EXERCISE GOAL
Beneath this instruction is a listing; print exactly the lines in it starting at the line that contains "Proof. exact: forallP. Qed." and going through the line that contains "Lemma msub_mle i j : mle (msub i j) i.".

[INPUT FOR THIS TASK]

(* Let $k$ be a field of characteristic $p>0$, let $R$ be a smooth $k$-algebra, let $e\in\mathbb N_{>0}$ and $m\in\mathbb N_{>0}$, and let $\mathbb D=(D_{\mathbf i})_{\mathbf i\in[p^m]^e}$ be an $m$-truncated $e$-dimensional HS-derivation on $R$ over $k$. Then there exists an $e$-dimensional HS-derivation $\mathbb D'=(D'_{\mathbf i})_{\mathbf i\in\mathbb N^e}$ on $R$ over $k$ such that $D'_{\mathbf i}=D_{\mathbf i}$ for every $\mathbf i\in[p^m]^e$.
   Context: All rings are commutative with $1$. For $m\in\mathbb N_{>0}\cup\{\infty\}$ and a $k$-algebra $R$ put $R[\bar v]:=R[X_1,\dots,X_e]/(X_1^{p^m},\dots,X_e^{p^m})$, with $v_i$ the image of $X_i$ (for $m=\infty$, $R[\bar v]:=R[[X_1,\dots,X_e]]$ and $v_i=X_i$). Let $[p^m]=\{0,1,\dots,p^m-1\}$ (and $[p^\infty]=\mathbb N$); for $\mathbf i=(i_1,\dots,i_e)$ write $\bar v^{\mathbf i}=v_1^{i_1}\cdots v_e^{i_e}$. An $m$-truncated $e$-dimensional HS-derivation on $R$ over $k$ is a family $\mathbb D=(D_{\mathbf i}:R\to R)_{\mathbf i\in[p^m]^e}$ such that the map $R\to R[\bar v]$, $r\mapsto\sum_{\mathbf i}D_{\mathbf i}(r)\bar v^{\mathbf i}$, is a $k$-algebra homomorphism and $D_{\mathbf 0}=\mathrm{id}_R$. For $m=\infty$ this is called an $e$-dimensional HS-derivation. *)

From HB Require Import structures.
From mathcomp Require Import all_boot all_order all_algebra.
Set Implicit Arguments. Unset Strict Implicit. Unset Printing Implicit Defensive.
Import Order.TTheory GRing.Theory Num.Theory.
Local Open Scope ring_scope.

Definition mindex (e : nat) := {ffun 'I_e -> nat}.

Definition mzero (e : nat) : mindex e := [ffun => 0%N].

Definition in_box (e N : nat) (i : mindex e) : bool := [forall t, (i t < N)%N].

Definition mle (e : nat) (j i : mindex e) : bool := [forall t, (j t <= i t)%N].
Definition msub (e : nat) (i j : mindex e) : mindex e := [ffun t => (i t - j t)%N].

Definition mbound (e : nat) (i : mindex e) : nat := (\max_(t < e) i t).+1.

Definition mval (e n : nat) (j : {ffun 'I_e -> 'I_n}) : mindex e := [ffun t => val (j t)].

(* The coefficient of v^i in (sum_j D_j(r) v^j)(sum_l D_l(s) v^l), i.e.
   sum over j + l = i of D_j(r) D_l(s) (j ranges over j <= i componentwise). *)
Definition leib_coef (k : fieldType) (R : comAlgType k) (e : nat)
    (D : mindex e -> R -> R) (i : mindex e) (r s : R) : R :=
  \sum_(j : {ffun 'I_e -> 'I_(mbound i)} | mle (mval j) i)
     D (mval j) r * D (msub i (mval j)) s.

(* The family (D_i)_{i in P} defines a k-algebra homomorphism
   R -> R[bar v], r |-> sum_i D_i(r) v^i, with D_0 = id, written out
   coefficientwise: k-linearity, preservation of 1, preservation of products
   (coefficient of v^i of a product), and D_0 = id.
   For P = [p^m]^e the target is R[X]/(X_1^{p^m},...,X_e^{p^m});
   for P = N^e the target is R[[X_1,...,X_e]]. *)
Definition HS_family (k : fieldType) (R : comAlgType k) (e : nat)
    (P : pred (mindex e)) (D : mindex e -> R -> R) : Prop :=
  [/\ forall i, P i -> forall (a : k) (r s : R), D i (a *: r + s) = a *: D i r + D i s,
      forall i, P i -> D i 1 = (i == mzero e)%:R,
      forall i, P i -> forall r s : R, D i (r * s) = leib_coef D i r s
    & forall r, D (mzero e) r = r].

Definition trunc_HS_derivation (k : fieldType) (R : comAlgType k) (p e m : nat)
    (D : mindex e -> R -> R) : Prop :=
  HS_family (in_box (p ^ m)) D.

Definition HS_derivation (k : fieldType) (R : comAlgType k) (e : nat)
    (D : mindex e -> R -> R) : Prop :=
  HS_family predT D.

Definition finite_type_alg (k : fieldType) (R : comAlgType k) : Prop :=
  exists (n : nat) (g : 'I_n -> R),
    forall S : R -> Prop,
      S 1 ->
      (forall (a : k) x y, S x -> S y -> S (a *: x + y)) ->
      (forall x y, S x -> S y -> S (x * y)) ->
      (forall t, S (g t)) ->
      forall r, S r.

Definition formally_smooth (k : fieldType) (R : comAlgType k) : Prop :=
  forall (A B : comAlgType k) (pi : {lrmorphism A -> B}),
    (forall b : B, exists a : A, pi a = b) ->
    (forall x y : A, pi x = 0 -> pi y = 0 -> x * y = 0) ->
    forall f : {lrmorphism R -> B},
      exists g : {lrmorphism R -> A}, forall r : R, pi (g r) = f r.

(* Smooth k-algebra. Over a field (Noetherian) finite type = finite presentation,
   so smooth = finite type + formally smooth. *)
Definition smooth_alg (k : fieldType) (R : comAlgType k) : Prop :=
  finite_type_alg R /\ formally_smooth R.

From HB Require Import structures.
From mathcomp Require Import all_boot all_order all_algebra.
From mathcomp Require Import boolp zify.
Set Implicit Arguments. Unset Strict Implicit. Unset Printing Implicit Defensive.
Import GRing.Theory.
Local Open Scope ring_scope.

(* Let [layer n] be the set of multi-indices that lie in the box [[p^m]^e] or have
   total degree at most [n]. It is downward closed, so [R[[v]]] modulo the monomials
   outside [layer n] is a [k]-algebra [T_n], and the projection [T_(n+1) -> T_n] is
   surjective with square-zero kernel. An HS family indexed by [layer n] is the same
   as a [k]-algebra map [R -> T_n]; [D] gives one for [n = 0], formal smoothness lifts
   it successively to [T_1, T_2, ...], and [D'_i] is the coefficient of [v^i] in the
   lift to [T_(deg i)], which all later lifts share. *)

Section MultiIndexSums.
Variables (k : fieldType) (R : comAlgType k) (e : nat).
Implicit Types (i j l : mindex e) (F G : mindex e -> R).

Lemma mleP j i : reflect (forall t, (j t <= i t)%N) (mle j i).
Proof. exact: forallP. Qed.

Lemma mle_refl i : mle i i.
Proof. by apply/mleP. Qed.

Lemma mle_trans i j l : mle l j -> mle j i -> mle l i.
Proof. by move=> /mleP h1 /mleP h2; apply/mleP => t; apply: leq_trans (h1 t) (h2 t). Qed.

Lemma msub_mle i j : mle (msub i j) i.
Proof. by apply/mleP => t; rewrite ffunE leq_subr. Qed.

Lemma msubK i j : mle j i -> msub i (msub i j) = j.
Proof. by move/mleP=> h; apply/ffunP => t; rewrite !ffunE subKn. Qed.

Lemma msub0 i : msub i (mzero e) = i.
Proof. by apply/ffunP => t; rewrite !ffunE subn0. Qed.

Definition madd j l : mindex e := [ffun t => (j t + l t)%N].
Definition mmax i := (\max_(t < e) i t)%N.

Lemma mle_mmax j i : mle j i -> forall t, (j t <= mmax i)%N.
Proof. by move/mleP=> h t; apply: leq_trans (h t) (leq_bigmax t). Qed.

Definition to_box (B : nat) j : {ffun 'I_e -> 'I_B.+1} := [ffun t => inord (j t)].

Lemma to_boxK B j : (forall t, (j t <= B)%N) -> mval (to_box B j) = j.
Proof. by move=> hj; apply/ffunP => t; rewrite !ffunE /= inordK // ltnS. Qed.

Lemma mvalK B (j : {ffun 'I_e -> 'I_B.+1}) : to_box B (mval j) = j.
Proof. by apply/ffunP => t; rewrite !ffunE; apply: val_inj; rewrite /= inordK. Qed.

Definition sum_box (B : nat) (P : pred (mindex e)) F :=
  \sum_(j : {ffun 'I_e -> 'I_B.+1} | P (mval j)) F (mval j).

Lemma sum_box_reindex B B' (P P' : pred (mindex e)) F (phi psi : mindex e -> mindex e) :
    (forall j, P j -> forall t, (j t <= B)%N) ->
    (forall j, P' j -> forall t, (j t <= B')%N) ->
    (forall j, P' j -> P (phi j)) -> (forall j, P j -> P' (psi j)) ->
    (forall j, P' j -> psi (phi j) = j) -> (forall j, P j -> phi (psi j) = j) ->
  sum_box B P F = sum_box B' P' (F \o phi).
Proof.
move=> hB hB' hP hP' phiK psiK; rewrite /sum_box.
rewrite (reindex_onto (fun j : {ffun 'I_e -> 'I_B'.+1} => to_box B (phi (mval j)))
                      (fun j : {ffun 'I_e -> 'I_B.+1} => to_box B' (psi (mval j)))) /=; last first.
  move=> j Pj; rewrite to_boxK; last by apply: hB'; apply: hP'.
  by rewrite psiK // mvalK.
have domE (j : {ffun 'I_e -> 'I_B'.+1}) :
    P (mval (to_box B (phi (mval j))))
    && (to_box B' (psi (mval (to_box B (phi (mval j))))) == j) = P' (mval j).
  apply/idP/idP => [/andP[Pj /eqP <-] | P'j].
    by rewrite to_boxK; [apply: hP' | apply: hB'; apply: hP'].
  by rewrite to_boxK ?hP ?phiK ?mvalK ?eqxx //; apply: hB; apply: hP.
apply: eq_big => j; first exact: domE.
by rewrite domE => P'j; rewrite to_boxK //; apply: hB; apply: hP.
Qed.

Definition sum_mle i F := sum_box (mmax i) (fun x => mle x i) F.

Lemma eq_sum_mle i F G : (forall j, mle j i -> F j = G j) -> sum_mle i F = sum_mle i G.
Proof. by move=> h; apply: eq_bigr => j /h. Qed.

Lemma sum_mle_widen B i F :
  (forall t, (i t <= B)%N) -> sum_mle i F = sum_box B (fun x => mle x i) F.
Proof.
move=> hB; rewrite /sum_mle (@sum_box_reindex _ B _ (fun x => mle x i) F id id) //.
- by move=> j; apply: mle_mmax.
- by move=> j /mleP hj t; apply: leq_trans (hj t) (hB t).
Qed.

Lemma sum_mle_shift B i l F : mle l i -> (forall t, (i t <= B)%N) ->
  sum_box B (fun j => mle j i && mle l j) F = sum_mle (msub i l) (F \o madd l).
Proof.
move=> /mleP hl hB.
apply: (@sum_box_reindex _ _ _ _ F (madd l) (fun j => msub j l)).
- by move=> j /andP[/mleP hj _] t; apply: leq_trans (hj t) (hB t).
- by move=> j; apply: mle_mmax.
- move=> j /mleP hj; apply/andP; split; apply/mleP => t;
    by have := hj t; have := hl t; rewrite !ffunE; lia.
- move=> j /andP[/mleP hj /mleP hlj]; apply/mleP => t.
  by have := hj t; have := hlj t; rewrite !ffunE; lia.
- by move=> j _; apply/ffunP => t; rewrite !ffunE addKn.
- by move=> j /andP[_ /mleP hlj]; apply/ffunP => t; rewrite !ffunE subnKC.
Qed.

Definition conv F G i := sum_mle i (fun j => F j * G (msub i j)).

Lemma leib_coefE (D : mindex e -> R -> R) i r s :
  leib_coef D i r s = conv (D^~ r) (D^~ s) i.
Proof. by []. Qed.

Lemma convC F G i : conv F G i = conv G F i.
Proof.
rewrite /conv /sum_mle.
rewrite (@sum_box_reindex _ (mmax i) _ (fun x => mle x i) _ (msub i) (msub i)) //.
- by apply: eq_bigr => j hj /=; rewrite msubK // mulrC.
- by move=> j; apply: mle_mmax.
- by move=> j; apply: mle_mmax.
- by move=> j _; apply: msub_mle.
- by move=> j _; apply: msub_mle.
- by move=> j; apply: msubK.
- by move=> j; apply: msubK.
Qed.

Lemma conv1l F i : conv (fun j => (j == mzero e)%:R) F i = F i.
Proof.
have zeroK : mval (to_box (mmax i) (mzero e)) = mzero e by rewrite to_boxK // => t; rewrite ffunE.
rewrite /conv /sum_mle /sum_box (bigD1 (to_box (mmax i) (mzero e))) /=; last first.
  by rewrite zeroK; apply/mleP => t; rewrite ffunE.
rewrite zeroK eqxx mul1r msub0 big1 ?addr0 // => j /andP[_ hj].
suff /negbTE -> : mval j != mzero e by rewrite mul0r.
by apply: contra hj => /eqP <-; rewrite mvalK.
Qed.

Lemma convDl F1 F2 G i : conv (fun j => F1 j + F2 j) G i = conv F1 G i + conv F2 G i.
Proof. by rewrite /conv /sum_mle /sum_box -big_split; apply: eq_bigr => j _; rewrite mulrDl. Qed.

Lemma convZl (a : k) F G i : conv (fun j => a *: F j) G i = a *: conv F G i.
Proof. by rewrite /conv /sum_mle /sum_box scaler_sumr; apply: eq_bigr => j _; rewrite scalerAl. Qed.

Lemma convA F G H i : conv (conv F G) H i = conv F (conv G H) i.
Proof.
set M := mmax i; have hM : forall t, (i t <= M)%N := mle_mmax (mle_refl i).
have lhsE : conv (conv F G) H i = sum_box M (fun x => mle x i) (fun j =>
    sum_box M (fun x => mle x j) (fun l => F l * G (msub j l) * H (msub i j))).
  rewrite /conv (sum_mle_widen _ hM); apply: eq_bigr => j hj.
  by rewrite (sum_mle_widen _ (mle_mmax hj)) /sum_box mulr_suml.
have rhsE : conv F (conv G H) i = sum_box M (fun x => mle x i) (fun l =>
    sum_mle (msub i l) (fun j => F l * (G j * H (msub (msub i l) j)))).
  by rewrite /conv (sum_mle_widen _ hM); apply: eq_bigr => l _; rewrite /sum_mle /sum_box mulr_sumr.
rewrite lhsE rhsE /sum_box (exchange_big_dep (fun l : {ffun 'I_e -> 'I_M.+1} => mle (mval l) i)) /=;
  last by move=> j l hj hl; apply: mle_trans hl hj.
apply: eq_bigr => l hl.
rewrite -[LHS]/(sum_box M (fun j => mle j i && mle (mval l) j)
  (fun j => F (mval l) * G (msub j (mval l)) * H (msub i j))) sum_mle_shift //.
apply: eq_sum_mle => j /mleP hj /=; rewrite -mulrA; congr (_ * (G _ * H _)).
  by apply/ffunP => t; rewrite !ffunE addKn.
by apply/ffunP => t; have := hj t; rewrite !ffunE; lia.
Qed.

End MultiIndexSums.

Section TruncatedSeries.
Variables (k : fieldType) (R : comAlgType k) (e : nat).
Implicit Types (i j : mindex e) (F G : mindex e -> R).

[/INPUT FOR THIS TASK]

SOLUTION TO THE PROBLEM
Proof. exact: forallP. Qed.

Lemma mle_refl i : mle i i.
Proof. by apply/mleP. Qed.

Lemma mle_trans i j l : mle l j -> mle j i -> mle l i.
Proof. by move=> /mleP h1 /mleP h2; apply/mleP => t; apply: leq_trans (h1 t) (h2 t). Qed.

Lemma msub_mle i j : mle (msub i j) i.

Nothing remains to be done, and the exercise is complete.